TASK BRIEF:
Among the lines below, return each one that contains the word "mathcomp".

ENTRIES SUPPLIED:
+===+

(* For $1\le\ell\le r$ let \[ F_\ell(n)=z_\ell^n\prod_{\nu=1}^{m_\ell}P_{\ell,\nu}(n)^{q_{\ell,\nu}}\prod_{j=1}^{h_\ell}\mathcal P_{\Omega_{\ell,j}}(n)^{e_{\ell,j}}, \] with $P_{\ell,\nu}\in\mathbb C[x]$, $z_\ell,q_{\ell,\nu}\in\mathbb C$, $e_{\ell,j}\in\mathbb Z_{\ge0}$ and words $\Omega_{\ell,j}$ in polynomial letters, where the polynomial factors are nonzero on the relevant positive integers and branches for all complex powers are fixed. Then for every positive integer $k$, \[ \sum_{n_r=1}^{k}\sum_{n_{r-1}=1}^{n_r}\cdots\sum_{n_1=1}^{n_2}\prod_{\ell=1}^{r}F_\ell(n_\ell)\in\operatorname{span}_{\mathbb C}\{\mathcal P_\Omega(k)\}_\Omega, \] where $\Omega$ ranges over words in polynomial letters.
   Context: A polynomial letter is a triple $L=(\boldsymbol\rho,\sigma,\mathbf P)$ with $\boldsymbol\rho=(\rho_1,\ldots,\rho_t)\in\mathbb C^t$, $\sigma\in\mathbb C$, $\mathbf P=(P_1,\ldots,P_t)$, $P_\nu\in\mathbb C[x]$; its value at a positive integer $n$ is $L(n)=\sigma^n\prod_\nu P_\nu(n)^{-\rho_\nu}$ (branches fixed, polynomials nonzero on the relevant range). For a word $\Omega=(L_1,\ldots,L_d)$ of polynomial letters, $\mathcal P_\Omega(N)=\sum_{N\ge n_1>\cdots>n_d\ge1}\prod_jL_j(n_j)$, $\mathcal P_\emptyset(N)=1$. *)

From HB Require Import structures.
From mathcomp Require Import all_boot all_order all_algebra.
From mathcomp Require Import all_classical all_reals all_analysis.
From mathcomp Require Import exp trigo.
From mathcomp Require Import complex.
From Stdlib Require List.
Set Implicit Arguments. Unset Strict Implicit. Unset Printing Implicit Defensive.
Import Order.TTheory GRing.Theory Num.Theory.
Local Open Scope ring_scope.
Local Open Scope complex_scope.

Section Defs.
Variable R : realType.
Local Notation C := R[i].

Definition expC (z : C) : C :=
  let: Complex a b := z in (expR a)%:C * (cos b +i* sin b).

Definition is_log_branch (Lg : C -> C) : Prop :=
  forall w : C, w != 0 -> expC (Lg w) = w.

Definition cpow (Lg : C -> C) (w q : C) : C := expC (q * Lg w).

(* A polynomial letter L = (rho, sigma, P): stored as sigma together with the
   list of pairs (rho_nu, P_nu), nu = 1..t. *)
Record letter := Letter { lsigma : C ; lfactors : seq (C * {poly C}) }.

Definition letter_val (Lg : C -> C) (L : letter) (n : nat) : C :=
  lsigma L ^+ n * \prod_(rp <- lfactors L) cpow Lg (rp.2).[n%:R] (- rp.1).

Definition word := seq letter.

(* P_Omega(N) = sum_{N >= n_1 > ... > n_d >= 1} prod_j L_j(n_j), written as the
   nested sum  sum_{n_1=1}^{N} L_1(n_1) * P_{(L_2,...,L_d)}(n_1 - 1);  P_[](N) = 1. *)
Fixpoint PO (Lg : C -> C) (w : word) (N : nat) : C :=
  match w with
  | [::] => 1
  | L :: w' => \sum_(1 <= n < N.+1) letter_val Lg L n * PO Lg w' n.-1
  end.

Definition poly_nz (P : {poly C}) : Prop := forall n : nat, (0 < n)%N -> P.[n%:R] != 0.
Definition letter_adm (L : letter) : Prop :=
  forall rp, List.In rp (lfactors L) -> poly_nz rp.2.
Definition word_adm (w : word) : Prop := forall L, List.In L w -> letter_adm L.

(* The data of one factor F_l:  z_l, the pairs (q_{l,nu}, P_{l,nu}), and the pairs
   (Omega_{l,j}, e_{l,j}). *)
Record sfactor := Factor {
  fz : C ;
  fpolys : seq (C * {poly C}) ;
  fwords : seq (word * nat) }.

Definition factor_val (Lg : C -> C) (F : sfactor) (n : nat) : C :=
  fz F ^+ n * \prod_(qp <- fpolys F) cpow Lg (qp.2).[n%:R] qp.1
            * \prod_(we <- fwords F) PO Lg we.1 n ^+ we.2.

Definition factor_adm (F : sfactor) : Prop :=
  (forall qp, List.In qp (fpolys F) -> poly_nz qp.2) /\
  (forall we, List.In we (fwords F) -> word_adm we.1).

Fixpoint nested_sum (Gs : seq (nat -> C)) (N : nat) : C :=
  match Gs with
  | [::] => 1
  | G :: Gs' => \sum_(1 <= n < N.+1) G n * nested_sum Gs' n
  end.

(* sum_{n_r=1}^{k} sum_{n_{r-1}=1}^{n_r} ... sum_{n_1=1}^{n_2} prod_l F_l(n_l),
   for Fs = [:: F_1; ...; F_r] *)
Definition iterated_sum (Lg : C -> C) (Fs : seq sfactor) (k : nat) : C :=
  nested_sum (rev (map (factor_val Lg) Fs)) k.

End Defs.

From HB Require Import structures.
From mathcomp Require Import all_boot all_order all_algebra.
From mathcomp Require Import all_classical all_reals.
From mathcomp Require Import complex.
From mathcomp Require Import ring.
From Stdlib Require List.
Import GRing.Theory Num.Theory.
Local Open Scope ring_scope.

(** The span of the nested sums P_Ω is closed under products: the quasi-shuffle
    (stuffle) identity expands P_{aA}(N) P_{bB}(N) into three nested sums whose
    first letters are a, b and the letter product ab.  It is also closed under
    the linear operators f ↦ Σ_{n≤N} L(n) f(n-1) and f ↦ Σ_{n≤N} L(n) f(n).
    Each F_ℓ is a letter times a product of P_Ω's, so the iterated sum is built
    from 1 by these operations.  The branch of the logarithm plays no role. *)

Lemma In_rev T (x : T) (s : seq T) : List.In x (rev s) -> List.In x s.
Proof.
have -> : rev s = List.rev s by elim: s => //= y s IH; rewrite rev_cons -cats1 IH.
exact: (List.in_rev s x).2.
Qed.

Section PolynomialLetterSpan.
Variables (R : realType) (Lg : R[i] -> R[i]).
Local Notation C := R[i].
Local Notation PO := (PO Lg).
Local Notation lv := (letter_val Lg).

Definition letter_mul (L M : letter R) : letter R :=
  Letter (lsigma L * lsigma M) (lfactors L ++ lfactors M).

Lemma letter_val_mul (L M : letter R) n : lv (letter_mul L M) n = lv L n * lv M n.
Proof. by rewrite /letter_val /= big_cat /= exprMn; ring. Qed.

Lemma letter_adm_mul {L M : letter R} :
  letter_adm L -> letter_adm M -> letter_adm (letter_mul L M).
Proof. by move=> admL admM rp /(@List.in_app_or _ (lfactors L)) [/admL|/admM]. Qed.

Lemma word_adm_cons (L : letter R) (w : word R) :
  word_adm (L :: w) <-> letter_adm L /\ word_adm w.
Proof.
split=> [adm_Lw | [admL admw] M [<- //|/admw //]].
by split=> [|M Mw]; apply: adm_Lw; [left | right].
Qed.

Lemma PO_cons L w N : PO (L :: w) N = \sum_(1 <= n < N.+1) lv L n * PO w n.-1.
Proof. by []. Qed.

Lemma PO_consS L w N : PO (L :: w) N.+1 = PO (L :: w) N + lv L N.+1 * PO w N.
Proof. by rewrite !PO_cons big_nat_recr. Qed.

Lemma PO_cons_mul a A b B N :
  PO (a :: A) N * PO (b :: B) N =
    \sum_(1 <= n < N.+1) lv a n * (PO A n.-1 * PO (b :: B) n.-1)
  + \sum_(1 <= n < N.+1) lv b n * (PO (a :: A) n.-1 * PO B n.-1)
  + \sum_(1 <= n < N.+1) lv (letter_mul a b) n * (PO A n.-1 * PO B n.-1).
Proof.
elim: N => [|N IH]; first by rewrite !PO_cons !big_geq // mulr0 !addr0.
rewrite !PO_consS mulrDl !mulrDr IH !(big_nat_recr N.+1) // letter_val_mul /=.
ring.
Qed.

Lemma sum_mul_PO_cons L b w N :
  \sum_(1 <= n < N.+1) lv L n * PO (b :: w) n =
  PO [:: L, b & w] N + PO (letter_mul L b :: w) N.
Proof.
rewrite PO_cons (PO_cons (letter_mul L b)) -big_split.
apply: eq_big_nat => -[//|n] _.
by rewrite PO_consS letter_val_mul /=; ring.
Qed.

Definition in_PO_span (f : nat -> C) : Prop :=
  exists cws : seq (C * word R),
    (forall cw, List.In cw cws -> word_adm cw.2) /\
    f =1 (fun N => \sum_(cw <- cws) cw.1 * PO cw.2 N).

Lemma in_PO_span_eq {f g : nat -> C} : f =1 g -> in_PO_span f -> in_PO_span g.
Proof. by move=> fg [cws [adm Ef]]; exists cws; split=> // N; rewrite -fg. Qed.

Lemma in_PO_span0 : in_PO_span (fun _ => 0).
Proof. by exists [::]; split=> // N; rewrite big_nil. Qed.

Lemma in_PO_spanD {f g : nat -> C} :
  in_PO_span f -> in_PO_span g -> in_PO_span (fun N => f N + g N).
Proof.
move=> [cf [admf Ef]] [cg [admg Eg]]; exists (cf ++ cg); split.
  by move=> cw /(@List.in_app_or _ cf) [/admf|/admg].
by move=> N; rewrite big_cat Ef Eg.
Qed.

Lemma in_PO_spanZ c {f : nat -> C} : in_PO_span f -> in_PO_span (fun N => c * f N).
Proof.
move=> [cws [adm Ef]]; exists [seq (c * cw.1, cw.2) | cw <- cws]; split.
  by move=> cw /List.in_map_iff [cw' [<- /adm]].
by move=> N; rewrite big_map Ef mulr_sumr; apply: eq_bigr => cw _; rewrite mulrA.
Qed.

Lemma in_PO_span_PO {w : word R} : word_adm w -> in_PO_span (PO w).
Proof.
by move=> admw; exists [:: (1, w)]; split=> [cw [<-|[]] //|N]; rewrite big_seq1 mul1r.
Qed.

Lemma in_PO_span1 : in_PO_span (fun _ => 1).
Proof. by apply: (@in_PO_span_PO [::] _) => ? []. Qed.

Lemma in_PO_span_linear (T : (nat -> C) -> nat -> C) :
  (forall f g, f =1 g -> T f =1 T g) ->
  (forall c f g, T (fun N => c * f N + g N) =1 (fun N => c * T f N + T g N)) ->
  (forall w, word_adm w -> in_PO_span (T (PO w))) ->
  forall f, in_PO_span f -> in_PO_span (T f).
Proof.
move=> T_ext T_lin T_PO f [cws [adm Ef]].
apply: in_PO_span_eq (T_ext _ _ (fsym Ef)) _.
elim: cws adm {Ef} => [_ | [c w] cws IH adm].
  apply: in_PO_span_eq in_PO_span0 => N.
  (* T 0 = 0 is linearity with c = -1. *)
  rewrite (T_ext _ (fun N => -1 * 0 + 0)) => [|M]; last by rewrite big_nil; ring.
  by rewrite T_lin; ring.
have Sw := T_PO w (adm (c, w) (or_introl erefl)).
have Scws := IH (fun cw cws_cw => adm cw (or_intror cws_cw)).
apply: in_PO_span_eq (in_PO_spanD (in_PO_spanZ c Sw) Scws) => N.
rewrite [RHS](T_ext _ (fun M => c * PO w M + \sum_(cw <- cws) cw.1 * PO cw.2 M)).
  by rewrite T_lin.
by move=> M; rewrite big_cons.
Qed.

Lemma in_PO_span_weighted_sum (G : nat -> C) (s : nat -> nat) :
  (forall w, word_adm w ->
     in_PO_span (fun N => \sum_(1 <= n < N.+1) G n * PO w (s n))) ->
  forall f, in_PO_span f ->
    in_PO_span (fun N => \sum_(1 <= n < N.+1) G n * f (s n)).
Proof.
apply: (in_PO_span_linear (fun f N => \sum_(1 <= n < N.+1) G n * f (s n))).
  by move=> f g fg N; apply: eq_bigr => n _; rewrite fg.
by move=> c f g N; rewrite mulr_sumr -big_split; apply: eq_bigr => n _ /=; ring.
Qed.

Lemma in_PO_span_sum_pred {L : letter R} {f : nat -> C} :
  letter_adm L -> in_PO_span f ->
  in_PO_span (fun N => \sum_(1 <= n < N.+1) lv L n * f n.-1).
Proof.
move=> admL; apply: in_PO_span_weighted_sum => w admw.
by apply: (@in_PO_span_PO (L :: w)); apply/word_adm_cons.
Qed.

Lemma in_PO_span_sum {L : letter R} {f : nat -> C} :
  letter_adm L -> in_PO_span f ->
  in_PO_span (fun N => \sum_(1 <= n < N.+1) lv L n * f n).
Proof.
move=> admL; apply: (in_PO_span_weighted_sum _ id) => -[|b w] admw.
  by apply: (@in_PO_span_PO [:: L] _) => M [<- // | []].
have [admb admw'] := iffLR (word_adm_cons _ _) admw.
apply: in_PO_span_eq (fun N => esym (sum_mul_PO_cons L b w N)) _.
apply: in_PO_spanD; apply: in_PO_span_PO; apply/word_adm_cons; split=> //.
exact: letter_adm_mul.
Qed.

Lemma in_PO_span_PO_mul A B : word_adm A -> word_adm B ->
  in_PO_span (fun N => PO A N * PO B N).
Proof.
elim: A B => [|a A IHA] B admA admB.
  by apply: in_PO_span_eq (in_PO_span_PO admB) => N; rewrite mul1r.
have [ada admA'] := iffLR (word_adm_cons _ _) admA.
elim: B admB => [|b B IHB] admB.
  by apply: in_PO_span_eq (in_PO_span_PO admA) => N; rewrite mulr1.
have [adb admB'] := iffLR (word_adm_cons _ _) admB.
apply: in_PO_span_eq (fun N => esym (PO_cons_mul a A b B N)) _.
apply: in_PO_spanD; first apply: in_PO_spanD.
- exact: in_PO_span_sum_pred ada (IHA _ admA' admB).
- exact: in_PO_span_sum_pred adb (IHB admB').
- exact: in_PO_span_sum_pred (letter_adm_mul ada adb) (IHA _ admA' admB').
Qed.

Lemma in_PO_spanM {f g : nat -> C} :
  in_PO_span f -> in_PO_span g -> in_PO_span (fun N => f N * g N).
Proof.
move=> Sf Sg; move: f Sf; apply: (in_PO_span_linear (fun f N => f N * g N)).
- by move=> f f' ff' N; rewrite /= ff'.
- by move=> c f f' N /=; ring.
move=> w admw; move: g Sg; apply: (in_PO_span_linear (fun g N => PO w N * g N)).
- by move=> g g' gg' N; rewrite /= gg'.
- by move=> c g g' N /=; ring.
- by move=> w' admw'; apply: in_PO_span_PO_mul.
Qed.

Lemma in_PO_spanX {f : nat -> C} e :
  in_PO_span f -> in_PO_span (fun N => f N ^+ e).
Proof.
move=> Sf; elim: e => [|e IH].
  by apply: in_PO_span_eq in_PO_span1 => N; rewrite expr0.
by apply: in_PO_span_eq (in_PO_spanM Sf IH) => N; rewrite exprS.
Qed.

Lemma in_PO_span_prod_PO {ws : seq (word R * nat)} :
  (forall we, List.In we ws -> word_adm we.1) ->
  in_PO_span (fun N => \prod_(we <- ws) PO we.1 N ^+ we.2).
Proof.
elim: ws => [|[w e] ws IH] adm.
  by apply: in_PO_span_eq in_PO_span1 => N; rewrite big_nil.
have Sw := in_PO_spanX e (in_PO_span_PO (adm (w, e) (or_introl erefl))).
have Sws := IH (fun we ws_we => adm we (or_intror ws_we)).
by apply: in_PO_span_eq (in_PO_spanM Sw Sws) => N; rewrite big_cons.
Qed.

Definition factor_letter (F : sfactor R) : letter R :=
  Letter (fz F) [seq (- qp.1, qp.2) | qp <- fpolys F].

Lemma factor_letter_adm {F : sfactor R} :
  factor_adm F -> letter_adm (factor_letter F).
Proof. by move=> [admP _] rp /List.in_map_iff [qp [<- /admP]]. Qed.

Lemma factor_valE F n :
  factor_val Lg F n =
  lv (factor_letter F) n * \prod_(we <- fwords F) PO we.1 n ^+ we.2.
Proof.
rewrite /factor_val /letter_val /= big_map.
by congr (_ * _ * _); apply: eq_bigr => qp _; rewrite opprK.
Qed.

Lemma in_PO_span_nested_sum Fs : (forall F, List.In F Fs -> factor_adm F) ->
  in_PO_span (nested_sum (map (factor_val Lg) Fs)).
Proof.
elim: Fs => [|F Fs IH] adm; first exact: in_PO_span1.
have admF := adm F (or_introl erefl).
have admFs G (FsG : List.In G Fs) := adm G (or_intror FsG).
have Sprod := in_PO_span_prod_PO admF.2.
apply: in_PO_span_eq
  (in_PO_span_sum (factor_letter_adm admF) (in_PO_spanM Sprod (IH admFs))).
by move=> N /=; apply: eq_bigr => n _; rewrite factor_valE mulrA.
Qed.

End PolynomialLetterSpan.

Theorem corollary7p5 (R : realType) (Lg : R[i] -> R[i]) (hLg : is_log_branch Lg)
  (Fs : seq (sfactor R)) (hFs : forall F, List.In F Fs -> factor_adm F) :
  exists cws : seq (R[i] * word R),
    (forall cw, List.In cw cws -> word_adm cw.2) /\
    forall k : nat, (0 < k)%N ->
      iterated_sum Lg Fs k = \sum_(cw <- cws) cw.1 * PO Lg cw.2 k.
Proof.
have [|cws [cws_adm E]] := @in_PO_span_nested_sum R Lg (rev Fs).
  by move=> F revFs_F; apply/hFs/In_rev.
by exists cws; split=> // k _; rewrite /iterated_sum -map_rev E.
Qed.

+===+

ANSWER SPACE:
From mathcomp Require Import all_boot all_order all_algebra.
From mathcomp Require Import all_classical all_reals all_analysis.
From mathcomp Require Import exp trigo.
From mathcomp Require Import complex.
From mathcomp Require Import all_boot all_order all_algebra.
From mathcomp Require Import all_classical all_reals.
From mathcomp Require Import complex.
From mathcomp Require Import ring.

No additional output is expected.